In large deformation analysis, two steps are involved in obtaining the linearized nonlinear equations. First, nonlinear equations of the structural system have to be derived via Lagrangian formulations. Second, the linearization of the nonlinear equations is required to solve nonlinear equations by an iterative method such as the arc-length control method. So far, traditional Lagrangian formulations, which are total Lagrangian formulation (TLF) and updated Lagrangian formulation (ULF), have been extensively used for deriving the nonlinear equation. Unlike two formulations of the above, new Lagrangian formulation was introduced and it was referred to as the ELF since the fundamental element serves as a deformation reference in ELF.⁷ It means that all equations governing a deformed body can be expressed with respect to natural coordinate systems. For the large deformation analysis of shells, the expression of rotations plays an important role to define a proper position of shell normal vector. In this study, three successive finite rotations are introduced since the drilling degree of freedom is used for the present shell element.^27,28

The objective of this research work is the development of a finite element for geometrically nonlinear shells with emphasis on the generality, robustness, and efficiency. The proposed element is a nine-node Lagrangian-type degenerated shell element. The element is based on the refined first-order shear deformation theory, and therefore is independent of the need of any shear correction factors. In the element formulation, an appropriate strain interpolation is employed to avoid both the shear and the membrane locking phenomena. Also, a suitable scheme is pursued for the expression of the rotational degrees of freedom so that the limitation on magnitude of the rotational increment in each load step can be removed. A full Gauss integration scheme is applied for the evaluation of the torsional stiffness.

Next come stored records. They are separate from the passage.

Lemma jacobian_state6 (a0 a1 a2 a3 a4 a5 : R) :
  jacobian (reduced_field b0A b0B tI tR tP k s) (state6 a0 a1 a2 a3 a4 a5) =
  \matrix_(i < 6, j < 6) jacobian_entries [:: a0; a1; a2; a3; a4; a5] i j.
Proof.
apply/matrixP => i j; rewrite jacobian_reduced_field mxE.
by rewrite /field_coords_D !coord_state6 // !coord_delta.
Qed.

Ltac jacobian_entry resident_eq :=
  rewrite /table /jacobian_entries /field_coords_D /rhsS_D /rhsI_D /rhsIt_D
    /incidence_D /beta_eff_D /beta_eff /=;
  rewrite ?mulr1n ?mulr0n ?mulr0 ?oppr0 ?expR0; (try rewrite -resident_eq); ring.

(* The hypotheses say that [(S, I, I)] is an endemic equilibrium of the
   resident disease and that the invasion rate [b0B (1 - s (1 - e^{-k I}))] of
   the absent disease is below its recovery rate [1 / tI]. *)
Lemma LAS_state6_B_free (SA IA : R) : 0 < IA ->
  b0A * expR (- (k * IA)) * SA = tI^-1 ->
  b0B * (1 - s * (1 - expR (- (k * IA)))) < tI^-1 ->
  LAS b0A b0B tI tR tP k s (state6 SA IA IA 1 0 0).
Proof.
move=> IA_gt0 resident_eq invader_lt z; rewrite /eigenvalueC jacobian_state6.
apply: block_triangular_root_Re_lt0.
- by left => [] [|[|[|i]]] // [|[|[|j]]] // _ _; jacobian_entry resident_eq.
- have a_gt0 : 0 < b0A * expR (- (k * IA)) * IA by rewrite !mulr_gt0 ?expR_gt0.
  have K_gt0 : 0 < k * tI^-1 * IA by rewrite !mulr_gt0.
  apply: routh_hurwitz3_ext
    (routh_hurwitz3_resident a_gt0 itR_gt0 itI_gt0 itP_gt0 K_gt0).
  by move=> [|[|[|i]]] // [|[|[|j]]] // _ _; jacobian_entry resident_eq.
- apply: routh_hurwitz3_ext (routh_hurwitz3_invader itR_gt0 invader_lt itP_gt0).
  by move=> [|[|[|i]]] // [|[|[|j]]] // _ _; jacobian_entry resident_eq.
Qed.

Lemma LAS_state6_A_free (SB IB : R) : 0 < IB ->
  b0B * expR (- (k * IB)) * SB = tI^-1 ->
  b0A * (1 - s * (1 - expR (- (k * IB)))) < tI^-1 ->
  LAS b0A b0B tI tR tP k s (state6 1 0 0 SB IB IB).
Proof.
move=> IB_gt0 resident_eq invader_lt z; rewrite /eigenvalueC jacobian_state6.
apply: block_triangular_root_Re_lt0.
- by right => [] [|[|[|i]]] // [|[|[|j]]] // _ _; jacobian_entry resident_eq.
- apply: routh_hurwitz3_ext (routh_hurwitz3_invader itR_gt0 invader_lt itP_gt0).
  by move=> [|[|[|i]]] // [|[|[|j]]] // _ _; jacobian_entry resident_eq.
- have a_gt0 : 0 < b0B * expR (- (k * IB)) * IB by rewrite !mulr_gt0 ?expR_gt0.
  have K_gt0 : 0 < k * tI^-1 * IB by rewrite !mulr_gt0.
  apply: routh_hurwitz3_ext
    (routh_hurwitz3_resident a_gt0 itR_gt0 itI_gt0 itP_gt0 K_gt0).
  by move=> [|[|[|i]]] // [|[|[|j]]] // _ _; jacobian_entry resident_eq.
Qed.

Lemma Ibar_resident_eq (b0 I : R) : Ibar_spec b0 tI tR k I ->
  b0 * expR (- (k * I)) * (1 - I - tR / tI * I) = tI^-1.
Proof.
move=> [I_gt0 expkI]; rewrite expRN expkI.
have : b0 * tI - b0 * (tI + tR) * I != 0 by rewrite -expkI gt_eqF ?expR_gt0.
by move=> ?; field; rewrite gt_eqF.
Qed.

Lemma Ibar_expR_lt_R0 (b0 I : R) : 0 < b0 -> Ibar_spec b0 tI tR k I ->
  expR (k * I) < b0 * tI.
Proof.
move=> b0_gt0 [I_gt0 ->].
have : 0 < b0 * (tI + tR) * I by rewrite !mulr_gt0 ?addr_gt0.
lra.
Qed.

(* With [X = e^{k Ibar}], the bound on [b tI] is the threshold of the theorem. *)
Lemma invasion_threshold (b X : R) : 1 <= X -> b * tI < X / (X - s * (X - 1)) ->
  b * (1 - s * (1 - X^-1)) < tI^-1 /\ b * tI < X.
Proof.
move=> X_ge1; set D := X - s * (X - 1) => b_lt.
have D_ge1 : 1 <= D.
  have : 0 <= (1 - s) * (X - 1) by rewrite mulr_ge0 // subr_ge0; case/andP: hs.
  by rewrite /D; lra.
have D_gt0 : 0 < D by lra.
have X_gt0 : 0 < X by lra.
have bD_lt : b * tI * D < X by rewrite -ltr_pdivlMr.
split.
- have -> : b * (1 - s * (1 - X^-1)) = b * tI * D / X * tI^-1.
    by rewrite /D; field; rewrite !gt_eqF.
  by rewrite -[ltRHS]mul1r ltr_pM2r // ltr_pdivrMr // mul1r.
- by apply: (lt_le_trans b_lt); rewrite ler_pdivrMr // ler_peMr // ltW.
Qed.

Lemma B_free_eq_LAS (IA : R) : Ibar_spec b0A tI tR k IA ->
  b0B * tI < expR (k * IA) / (expR (k * IA) - s * (expR (k * IA) - 1)) ->
  LAS b0A b0B tI tR tP k s (B_free_eq tI tR IA) /\ b0B * tI < b0A * tI.
Proof.
move=> hI /invasion_threshold[|invader_lt b0B_lt].
  by rewrite -expR0 ler_expR mulr_ge0 // ltW //; case: hI.
split; last exact: lt_trans b0B_lt (Ibar_expR_lt_R0 hb0A hI).
apply: LAS_state6_B_free; first by case: hI.
  exact: Ibar_resident_eq.
by rewrite expRN.
Qed.

Lemma A_free_eq_LAS (IB : R) : Ibar_spec b0B tI tR k IB ->
  b0A * tI < expR (k * IB) / (expR (k * IB) - s * (expR (k * IB) - 1)) ->
  LAS b0A b0B tI tR tP k s (A_free_eq tI tR IB) /\ b0A * tI < b0B * tI.
Proof.
move=> hI /invasion_threshold[|invader_lt b0A_lt].
  by rewrite -expR0 ler_expR mulr_ge0 // ltW //; case: hI.
split; last exact: lt_trans b0A_lt (Ibar_expR_lt_R0 hb0B hI).
apply: LAS_state6_A_free; first by case: hI.
  exact: Ibar_resident_eq.
by rewrite expRN.
Qed.

End BoundaryEquilibria.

The proposed formulation is computationally efficient and the test results showed good agreement. More specifically, the numerical examples of annular plate presented herein show good validity, efficiency, and accuracy for the developed nonlinear shell element.

Geometry and kinematics of the shell element

In Figure 1, the geometry of a nine-noded shell element with 6 degrees of freedom is illustrated.

Figure 1.

Geometry of nine-node shell element with 6 degrees of freedom.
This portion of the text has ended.